Where Men Win Glory, the biography of NFL player turned Army Ranger Pat Tillman who was killed by friendly fire in Afghanistan, is classic Jon Krakauer. Misunderstood subject with grand ideals? Check. Painstakingly documented journey? Check. Grisly and tragic ending? Check.
The book is a character study of Tillman, who Krakauer paints as super masculine yet soft hearted through research and interviews with family, friends, and fellow soldiers. Those around him said Tillman was a man who lived to challenge himself. He was a hard-driving if undersized safety for the Arizona Cardinals. After 9/11 he suspended his NFL career, giving up millions of dollars and a comfortable life with his wife Marie to fight in Afghanistan, where he would meet a horrible end.

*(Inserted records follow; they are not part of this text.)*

Lemma Un_cv_le_ub (u : nat -> R) (l c : R) : Un_cv u l -> (forall n, u n <= c) -> l <= c.
Proof.
intros cv u_le. apply (Rle_cv_lim (Vn := fun _ => c) u_le cv).
intros eps eps_pos. exists O. intros n _. unfold R_dist. rewrite Rminus_diag, Rabs_R0.
exact eps_pos.
Qed.

Section SmoothOperator.
Variables X Y : NormedSpace.
Variable T : BoundedOp X Y.
Hypothesis T_smooth : op_smooth T.

Lemma op_smooth_nonzero : T <> (vzero : OpSpace X Y).
Proof.
destruct T_smooth as [[x1 Tx1] _]. intro T0. apply Tx1. rewrite T0. reflexivity.
Qed.

Lemma opnorm_pos_of_smooth : 0 < opnorm T.
Proof. exact (vnorm_gt0 (OpSpace X Y) T op_smooth_nonzero). Qed.

Lemma exists_support_at_norm_attained (x : X) : M_T T x ->
  exists g, in_dual_ball Y g /\ g (T x) = opnorm T.
Proof.
intros [_ Tx]. rewrite <- Tx. apply exists_support_functional.
intro Tx0. rewrite Tx0, vnorm_0 in Tx. assert (pos := opnorm_pos_of_smooth). lra.
Qed.

Lemma smooth_supports_agree (f g : OpSpace X Y -> R) :
  in_dual_ball _ f -> f T = opnorm T -> in_dual_ball _ g -> g T = opnorm T ->
  forall S, f S = g S.
Proof.
intros f_ball f_T g_ball g_T. destruct T_smooth as [_ [_ unique]].
apply unique; [| exact f_T | | exact g_T]; apply op_unit_functional_of_unit.
- exact (unit_functional_of_support _ f T f_ball op_smooth_nonzero f_T).
- exact (unit_functional_of_support _ g T g_ball op_smooth_nonzero g_T).
Qed.

(* [S ↦ g (S x)] is a support functional of [T]; test smoothness on rank-one operators. *)
Lemma rank_one_evaluations_agree (x x' : X) (g g' : Y -> R) :
  vnorm x <= 1 -> in_dual_ball Y g -> g (T x) = opnorm T ->
  vnorm x' <= 1 -> in_dual_ball Y g' -> g' (T x') = opnorm T ->
  forall (h : X -> R) (h_ball : in_dual_ball X h) (y : Y), h x * g y = h x' * g' y.
Proof.
intros x_le g_ball g_Tx x'_le g'_ball g'_Tx' h h_ball y.
assert (E := smooth_supports_agree _ _ (eval_in_dual_ball X Y x g x_le g_ball) g_Tx
               (eval_in_dual_ball X Y x' g' x'_le g'_ball) g'_Tx' (rank_one X Y h h_ball y)).
simpl in E. rewrite (proj2 (proj1 g_ball)), (proj2 (proj1 g'_ball)) in E. exact E.
Qed.

Lemma norm_attainment_set (x0 : X) : M_T T x0 ->
  forall x, M_T T x <-> x = x0 \/ x = vopp x0.
Proof.
intros x0_M x. destruct x0_M as [x0_unit Tx0]. split.
- intros x_M.
  destruct (exists_support_at_norm_attained x0 (conj x0_unit Tx0)) as [g0 [g0_ball g0_Tx0]].
  destruct (exists_support_at_norm_attained x x_M) as [g1 [g1_ball g1_Tx]].
  destruct x_M as [x_unit _]. unfold unit_sphere in x0_unit, x_unit.
  assert (pos := opnorm_pos_of_smooth).
  set (mu := g1 (T x0) / opnorm T).
  assert (x0_eq : x0 = vscal mu x).
  { apply eq_of_dual_ball. intros h h_ball.
    assert (E := rank_one_evaluations_agree x0 x g0 g1 (Req_le _ _ x0_unit) g0_ball g0_Tx0
                   (Req_le _ _ x_unit) g1_ball g1_Tx h h_ball (T x0)).
    rewrite g0_Tx0 in E. rewrite (proj2 (proj1 h_ball)).
    apply (Rmult_eq_reg_r (opnorm T)); [| lra]. rewrite E. unfold mu. field. lra. }
  assert (mu_abs : Rabs mu = 1).
  { rewrite x0_eq, vnorm_scal, x_unit in x0_unit. lra. }
  destruct (Rle_lt_dec 0 mu) as [mu_ge0 | mu_neg].
  + left. rewrite Rabs_pos_eq in mu_abs by exact mu_ge0.
    rewrite x0_eq, mu_abs, vscal_1. reflexivity.
  + right. rewrite Rabs_left in mu_abs by exact mu_neg.
    rewrite x0_eq, vopp_scal, vscal_mul.
    replace (-1 * mu) with 1 by lra. rewrite vscal_1. reflexivity.
- intros [-> | ->]; [split; assumption |].
  unfold M_T, unit_sphere. rewrite vopp_scal, (proj2 (op_linear X Y T)), !vnorm_scal_m1.
  split; assumption.
Qed.

Lemma smooth_image_of_norm_attained (x0 : X) : M_T T x0 -> smooth (T x0).
Proof.
intros [x0_unit Tx0]. unfold unit_sphere in x0_unit.
apply smooth_of_unique_support.
- intro T0. rewrite T0, vnorm_0 in Tx0. assert (pos := opnorm_pos_of_smooth). lra.
- intros f g f_ball f_Tx0 g_ball g_Tx0 z. rewrite Tx0 in f_Tx0, g_Tx0.
  assert (x0_nz : x0 <> vzero) by (intro e; rewrite e, vnorm_0 in x0_unit; lra).
  destruct (exists_support_functional X x0 x0_nz) as [h0 [h0_ball h0_x0]].
  rewrite x0_unit in h0_x0.
  assert (E := rank_one_evaluations_agree x0 x0 f g (Req_le _ _ x0_unit) f_ball f_Tx0
                 (Req_le _ _ x0_unit) g_ball g_Tx0 h0 h0_ball z).
  rewrite h0_x0, !Rmult_1_l in E. exact E.
Qed.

Tillman doesn't come across as a saint (check out how much he curses), but he does seem like the rare person who was motivated primarily by principle rather than by money, power or fame. In the last chapter Krakauer compares Tillman to Friedrich Nietzsche's Ubermensch, "an exemplary, transcendent figure." In the end Tillman does seem like a sort of superman, a real-life hero of legend.
Besides chronicling Tillman's life, the author offers the clearest description of the lead-up to the war in Afghanistan I've read. Krakauer tackles the cover-up of the true cause of Tillman's death with ferocity, and it's truly stunning to learn about the details. It makes me wish all journalism could be like this, cutting straight through all the B.S. with a laser light. As with Krakauer's previous books, it's heartbreaking and gut-wrenching, but it's the truth.